I have been dealing with what I think is an emotionally abusive relationship for at least two years now. We got married 9 months ago. I have since found the strength to realise I shouldn’t have done that and I will never be happy. I finally found the confidence to tell my family and none of them support me. Because of the current pandemic I am living at home with my parents and they won’t talk to me. They won’t come in to the room. They cry constantly all day, like a wailing cry as if someone has died. I asked them to please stop and please try and see my side and they just said how could I have held a bible and said vows and now be breaking them. They actually said “how do we tell the neighbours.” And my Dad said the wedding cost so much money how could I do that? To add to this, my mother in law is texting my mother saying how my husband is broken and crying all the time and will go to therapy and all these things - when he hasn’t even contacted me himself.
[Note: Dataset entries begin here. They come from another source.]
Definition is_kernel (p : S -> A -> S -> R) : Prop :=
  (forall s a s', 0 <= p s a s') /\ (forall s a, \sum_(s' : S) p s a s' = 1).

Definition is_policy (pi : S -> A -> R) : Prop :=
  (forall s a, 0 <= pi s a) /\ (forall s, \sum_(a : A) pi s a = 1).

Definition in_Pi (pi : S -> A -> R) : Prop :=
  is_policy pi /\ 0 < fmin (fun sa : S * A => pi sa.1 sa.2).

Definition Pchain (p : S -> A -> S -> R) (pi : S -> A -> R) (s s' : S) : R :=
  \sum_(a : A) p s a s' * pi s a.

Fixpoint nstep (P : S -> S -> R) (n : nat) (s s' : S) : R :=
  match n with
  | 0 => if s == s' then 1 else 0
  | n.+1 => \sum_(u : S) nstep P n s u * P u s'
  end.

Definition irreducible (P : S -> S -> R) : Prop :=
  forall s s', exists n, 0 < nstep P n s s'.

Definition stationary (P : S -> S -> R) (mu : S -> R) : Prop :=
  (forall s, 0 <= mu s) /\ \sum_(s : S) mu s = 1 /\
  (forall s', \sum_(s : S) mu s * P s s' = mu s').

Definition exploration (p : S -> A -> S -> R) : Prop :=
  exists pib : S -> A -> R, is_policy pib /\ (forall s a, 0 < pib s a) /\
    irreducible (Pchain p pib).

Definition mubar (mu : S -> R) (pi : S -> A -> R) (s : S) (a : A) : R :=
  mu s * pi s a.

Definition bellman (p : S -> A -> S -> R) (r : S -> A -> R) (gamma : R)
  (Q : S -> A -> R) (s : S) (a : A) : R :=
  r s a + gamma * \sum_(s' : S) p s a s' * fmax (fun a' : A => Q s' a').

Definition Fop (p : S -> A -> S -> R) (r : S -> A -> R) (gamma : R)
  (Q : S -> A -> R) (y : S * A) (s : S) (a : A) : R :=
  (if y == (s, a) then 1 else 0) * (bellman p r gamma Q s a - Q s a) + Q s a.

(* bar F(Q, pi) = E_{Y ~ w}[F(Q, Y)], with w = bar mu_pi *)
Definition Fbar (p : S -> A -> S -> R) (r : S -> A -> R) (gamma : R)
  (Q : S -> A -> R) (w : S -> A -> R) (s : S) (a : A) : R :=
  \sum_(y : S * A) w y.1 y.2 * Fop p r gamma Q y s a.

End MDP.
(* Let $A$, $B$, $C$ be commutative associative unital algebras over $\mathbb{C}$ or $\mathbb{R}$. If $\mathbf{g}\colon A\to B$ is an $m$-homomorphism and $\mathbf{f}\colon B\to C$ is an $n$-homomorphism, then $\mathbf{f}\circ\mathbf{g}\colon A\to C$ is an $nm$-homomorphism.
   Context: For a linear map $\mathbf{f}\colon A\to B$, its characteristic function is the formal power series $R(\mathbf{f},a,z)=\exp\bigl(\mathbf{f}(\ln(1+az))\bigr)\in B[[z]]$, where $\ln(1+az)=\sum_{k\ge1}(-1)^{k-1}a^kz^k/k$ and $\mathbf{f}$ is applied coefficientwise. For an integer $n\ge0$, a linear map $\mathbf{f}$ is an $n$-homomorphism if $\mathbf{f}(1)=n$ and $R(\mathbf{f},a,z)$ is a polynomial in $z$ of degree at most $n$ for every $a$ in its domain. *)

From HB Require Import structures.
From mathcomp Require Import all_boot all_order all_algebra.
From mathcomp Require Import reals.
From mathcomp.real_closed Require Import complex.
Set Implicit Arguments. Unset Strict Implicit. Unset Printing Implicit Defensive.
Import Order.TTheory GRing.Theory Num.Theory.
Local Open Scope ring_scope.

(* Formal power series over a ring B are represented by their coefficient
   sequences  nat -> B  (coefficient of z^k at index k). *)

Definition mulps (B : pzRingType) (s t : nat -> B) : nat -> B :=
  fun k => \sum_(i < k.+1) s i * t (k - i)%N.

Fixpoint powps (B : pzRingType) (s : nat -> B) (j : nat) : nat -> B :=
  match j with
  | 0 => fun k => if k == 0%N then 1 else 0
  | j'.+1 => mulps s (powps s j')
  end.

(* ln(1 + a z) = sum_{k>=1} (-1)^(k-1) a^k z^k / k *)
Definition lnps (K : fieldType) (A : comAlgType K) (a : A) : nat -> A :=
  fun k => if k == 0%N then 0
           else (((-1) ^+ k.-1 / k%:R : K) *: a ^+ k).

(* exp(s) = sum_j s^j / j!  for a series s with zero constant term; the
   coefficient of z^k only receives contributions from j <= k. *)
Definition expps (K : fieldType) (B : comAlgType K) (s : nat -> B) : nat -> B :=
  fun k => \sum_(j < k.+1) ((j`!)%:R : K)^-1 *: powps s j k.

Definition charfun (K : fieldType) (A B : comAlgType K) (f : A -> B) (a : A)
  : nat -> B := expps (fun k => f (lnps a k)).

Definition nhom (K : fieldType) (A B : comAlgType K) (n : nat) (f : A -> B)
  : Prop :=
  linear f /\ f 1 = n%:R /\
  forall (a : A) (k : nat), (n < k)%N -> charfun f a k = 0.

From HB Require Import structures.
From mathcomp Require Import all_boot all_order all_algebra.
From mathcomp Require Import reals.
From mathcomp.real_closed Require Import complex.
From mathcomp Require Import zify.
Import Order.TTheory GRing.Theory Num.Theory.
Local Open Scope ring_scope.

(* Write [R(g, a, z) = 1 + z q(z)] with [size q <= m].  As [ln] inverts [exp]
   (checked modulo [z^M] by differentiating [ln (exp z)]), [g (ln (1 + a z))]
   is [ln (1 + z q(z))], hence [R(f o g, a, z) = exp F(z, z)] for
   [F(T, s) = sum_i L_i T^i f (q(s)^i)], [L_i] the coefficients of [ln (1 + z)].
   For each scalar [s], [exp F(T, s) = R(f, q(s), T)] has degree at most [n] in
   [T], so in characteristic 0 the coefficient [E_i(s)] of [T^i] in [exp F]
   vanishes identically for [i > n]; moreover [deg E_i <= i (m - 1)].  Thus
   [exp F(z, z) = sum_(i <= n) z^i E_i(z)] has degree at most [n m]. *)

Definition tseries {S : comNzRingType} (c : nat -> S) (M : nat) (x : S) : S :=
  \sum_(j < M) c j * x ^+ j.

Lemma eq_tseries {S : comNzRingType} {c c' : nat -> S} M x :
  c =1 c' -> tseries c M x = tseries c' M x.
Proof. by move=> eq_c; apply: eq_bigr => j _; rewrite eq_c. Qed.

Lemma rmorph_tseries (S S' : comNzRingType) (phi : {rmorphism S -> S'}) c M x :
  phi (tseries c M x) = tseries (phi \o c) M (phi x).
Proof.
by rewrite rmorph_sum; apply: eq_bigr => j _; rewrite rmorphM rmorphXn.
Qed.

Lemma horner_tseries (S : comNzRingType) (c : nat -> S) M (Y : {poly S}) x :
  (tseries (polyC \o c) M Y).[x] = tseries c M Y.[x].
Proof.
rewrite -horner_evalE rmorph_tseries /= horner_evalE.
by apply: eq_tseries => j /=; rewrite horner_evalE hornerC.
Qed.

Definition eqmodX {S : nzSemiRingType} (M : nat) (p q : {poly S}) :=
  forall i, (i < M)%N -> p`_i = q`_i.

Definition trunc {S : nzSemiRingType} (M : nat) (s : nat -> S) : {poly S} :=
  \poly_(i < M) s i.

Section TruncatedPolynomials.
Context {S : comNzRingType}.
Implicit Types (p q r G : {poly S}) (s : nat -> S).

Lemma eqmodX_refl {M p} : eqmodX M p p. Proof. by []. Qed.

Lemma eqmodX_sym {M p q} : eqmodX M p q -> eqmodX M q p.
Proof. by move=> epq i /epq. Qed.

Lemma eqmodX_trans {M p q r} : eqmodX M p q -> eqmodX M q r -> eqmodX M p r.
Proof. by move=> epq eqr i ltiM; rewrite epq ?eqr. Qed.

Lemma eqmodXD {M p p' q q'} :
  eqmodX M p p' -> eqmodX M q q' -> eqmodX M (p + q) (p' + q').
Proof. by move=> ep eq i ltiM; rewrite !coefD ep ?eq. Qed.

Lemma eqmodXM {M p p' q q'} :
  eqmodX M p p' -> eqmodX M q q' -> eqmodX M (p * q) (p' * q').
Proof.
move=> ep eq i ltiM; rewrite !coefM; apply: eq_bigr => -[j ltji] _ /=.
by rewrite ep ?eq //; lia.
Qed.

Lemma eqmodXX {M p p'} k : eqmodX M p p' -> eqmodX M (p ^+ k) (p' ^+ k).
Proof.
by move=> ep; elim: k => [|k IHk]; rewrite ?exprS //; apply: eqmodXM.
Qed.

Lemma eqmodX_tseries c M {N p q} :
  eqmodX N p q -> eqmodX N (tseries c M p) (tseries c M q).
Proof.
move=> epq i ltiN; rewrite !coef_sum; apply: eq_bigr => j _.
exact: (eqmodXM eqmodX_refl (eqmodXX j epq) i ltiN).
Qed.

Lemma eqmodX_map {S' : comNzRingType} (phi : {additive S -> S'}) {M p q} :
  eqmodX M p q -> eqmodX M (map_poly phi p) (map_poly phi q).
Proof. by move=> epq i /epq; rewrite !coef_map => ->. Qed.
He always does this after he’s been nasty and aggressive (never physical) - he will cry and say he’ll die without me and that’s how I stayed with him so long. I honestly don’t know what to do. I have lost confidence in my decision to walk away. Now I feel like what if I’m making a mistake. What if everyone is right and we should not break up? I feel so trapped and isolated. I honestly don’t know what to do. My husband is in America and we can’t see each other because of the travel ban.
To put in to perspective - he is extremely controlling, won’t socialise in any way, won’t kiss my lips or have sex with me, only smooth sailing when I’m doing as I’m told.
Please help me. I’ve never felt so alone in my life.